Он подобрал ее на вокзале. Он думал: бабенка передком промышляет. И походила на шлюшку: зазывный томный взгляд, темный локон, медленная походка, сплошной соблазн. Она стояла рядом с чужим саквояжем и щурилась. А в руках крепко сжимала ручку аккуратного деревянного баула. Он, сжимая в руке билет на поезд до Туапсе, резко, быстро подошел, думал: сейчас жульница саквояж сворует и улепетнет. А ближе подшагнул – увидал: из прищуренных глаз слезы текут, так густо и страшно текут по щекам, по подбородку, за воротник! За локоть ее схватил. Кто вы?! Что плачете?! Я из дома сбежала. От мужа ушла. Навсегда. Он вас обидел?! Я вас помирю!
И тогда она задрожала, поставила баул на заплеванный вокзальный пол, обхватила его шею руками, вся, до косточки, прижалась к нему и жарко шепнула ему в ухо: о, пожалуйста, товарищ, я вас прошу, не надо, никогда.
И он, кусая губы, ведя ее за безвольную нежную руку, подошел к кассе и взял второй билет до Туапсе.
И в свой первый отпуск они ехали в разных вагонах.
И долго хохотали над этим потом.
О чем ты думала? Глядела в окно на полустанки и думала: вот чужой мужчина купил мне билет на юг, и я еду с ним, и чем я должна отработать?! А ты о чем думал? Я? Ни о чем. Неправда! Думал, думал, думал!
После поцелуя он шептал ей в черные кудри, в белый пробор: о том, что я поймал огненную пери. И руки обжег. Но не выпущу ни за что.
Ни от какого мужа она не сбежала. Она все наврала.
Она вернулась из лагеря. Из Заполярья. Ей амнистия вышла.
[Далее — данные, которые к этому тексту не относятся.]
Lemma ann_r_ann_l_ann_r (X : R -> Prop) y :
  ann_r mul (ann_l mul (ann_r mul X)) y <-> ann_r mul X y.
Proof. by split=> [hy x hx | hy x hx]; [apply: hy => z; apply | apply: hx]. Qed.

Lemma ann_r_is_eR_of_left_unit (I : R -> Prop) e :
  ann_r mul I e -> (forall y, ann_r mul I y -> mul e y = y) ->
  mul e e = e /\ ann_r_is_eR mul I e.
Proof.
move=> he e_unit; split; first exact: e_unit.
move=> y; split=> [hy | [r ->]]; first by exists y; rewrite e_unit.
by have [_ [_ annM]] := ann_r_right_ideal I; apply: annM.
Qed.

Theorem quasi_Baer_of_graded_quasi_Baer (G : Type) (Rg : G -> R -> Prop) :
  graded_quasi_Baer mul Rg ->
  (forall J, is_ideal mul J -> graded_set Rg (ann_l mul J)) ->
  quasi_Baer mul.
Proof.
move=> gqB ann_l_graded I rI.
have idJ := ann_r_ideal rI.
have [e [_ [ee he]]] := gqB _ (ann_l_right_ideal idJ.2) (ann_l_graded _ idJ).
by exists e; split=> // y; rewrite -ann_r_ann_l_ann_r.
Qed.

End NonUnitalRing.

Section GradedRing.

Variables (G : Type) (gmul : G -> G -> G) (g1 : G) (ginv : G -> G).
Hypothesis groupG : is_group gmul g1 ginv.
Variables (R : zmodType) (mul : R -> R -> R).
Hypothesis ringR : is_ring mul.
Variable Rg : G -> R -> Prop.
Hypothesis gradingR : is_grading gmul mul Rg.

(* The grading group has no decidable equality; degrees are compared
   classically. *)
Let G_comparable : comparable G :=
  fun a b => excluded_middle_informative (a = b).
HB.instance Definition _ := comparableMixin G_comparable.

Lemma gmul1 g : gmul g1 g = g.
Proof. by case: groupG => _ []. Qed.

Lemma gmul_cancel_l : right_injective gmul.
Proof.
case: groupG => gA [g1g [gg1 [gVg _]]] h a b eq_hab.
by rewrite -(g1g a) -(g1g b) -(gVg h) -!gA eq_hab.
Qed.

Lemma gmul_cancel_r : left_injective gmul.
Proof.
case: groupG => gA [_ [gg1 [_ ggV]]] h a b eq_ahb.
by rewrite -(gg1 a) -(gg1 b) -(ggV h) !gA eq_ahb.
Qed.

Lemma Rg0 g : Rg g 0.
Proof. by case: gradingR. Qed.

Lemma RgB g x y : Rg g x -> Rg g y -> Rg g (x - y).
Proof. by case: gradingR => _ [gradedB _]; apply: gradedB. Qed.

Lemma RgN g x : Rg g x -> Rg g (- x).
Proof. by rewrite -sub0r; apply: RgB; apply: Rg0. Qed.

Lemma RgD g x y : Rg g x -> Rg g y -> Rg g (x + y).
Proof. by move=> hx /RgN hy; rewrite -[y]opprK; apply: RgB. Qed.

Lemma RgM g h x y : Rg g x -> Rg h y -> Rg (gmul g h) (mul x y).
Proof. by case: gradingR => _ [_ [gradedM _]]; apply: gradedM. Qed.

Definition homogeneous_seq (s : seq (G * R)) :=
  {in s, forall p, Rg p.1 p.2}.

Lemma grading_decomposition r : exists s, homogeneous_seq s /\ r = lsum s.
Proof.
case: gradingR => _ [_ [_ [dec _]]]; have [s [_ [hs ->]]] := dec r.
by exists s; split=> //; apply/Forall_in.
Qed.

Lemma grading_independent s :
  uniq (map fst s) -> homogeneous_seq s -> lsum s = 0 ->
  {in s, forall p, p.2 = 0}.
Proof.
case: gradingR => _ [_ [_ [_ indep]]] us hs s0.
by apply/Forall_in; apply: indep; [exact: uniq_NoDup | apply/Forall_in |].
Qed.

Definition lsum_deg (s : seq (G * R)) g := \sum_(p <- s | p.1 == g) p.2.

Lemma Rg_lsum_deg s g : homogeneous_seq s -> Rg g (lsum_deg s g).
Proof.
move=> hs; rewrite /lsum_deg big_seq_cond.
apply: (big_ind (Rg g)); [exact: Rg0 | exact: RgD |].
by move=> p /andP[ps /eqP <-]; apply: hs.
Qed.

Lemma lsum_partition s :
  lsum s = \sum_(g <- undup (map fst s)) lsum_deg s g.
Proof.
rewrite /lsum_deg; under eq_bigr do rewrite big_mkcond.
rewrite exchange_big; apply: eq_big_seq => p ps /=.
have p1D : p.1 \in undup (map fst s) by rewrite mem_undup; apply: map_f.
rewrite -big_mkcond -big_filter.
have -> : [seq g <- undup (map fst s) | p.1 == g] = [:: p.1].
  rewrite -(filter_pred1_uniq (undup_uniq _) p1D).
  by apply: eq_filter => g; rewrite eq_sym.
by rewrite big_seq1.
Qed.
И в бауле у нее были аккуратно сложены ее пожитки: лагерная одежонка, кофты и рейтузы, застиранная рабочая роба, перчатки, рукавицы и теплые чулки, и резиновые сапоги, и чистое штопаное полотенце, и кружка для чифиря, и алюминиевая ложка, и пачка грузинского чая, и пачка «Беломора».
Он пытался отучить ее курить, но ему не удалось.
Он так смешно звал ее – Персинька. Персик, она любила персики. И абрикосы. Когда жарким летом их в ящиках привозили из Крыма, с Кавказа, он покупал ей их авоськами, мог и целый чемодан купить. Она бросалась в него косточками. Она варила из абрикосов варенье. Называла его: царское.
Царских дочек расстреляли. И царицу закололи. И всех убили. Всех. Всех.
И Персиньку убили: она умерла под током, там, в его безумном царстве, прямо на процедуре.
И его Ян убил сегодня. Он уже мертв. О чем тут говорить. И плакать не о чем.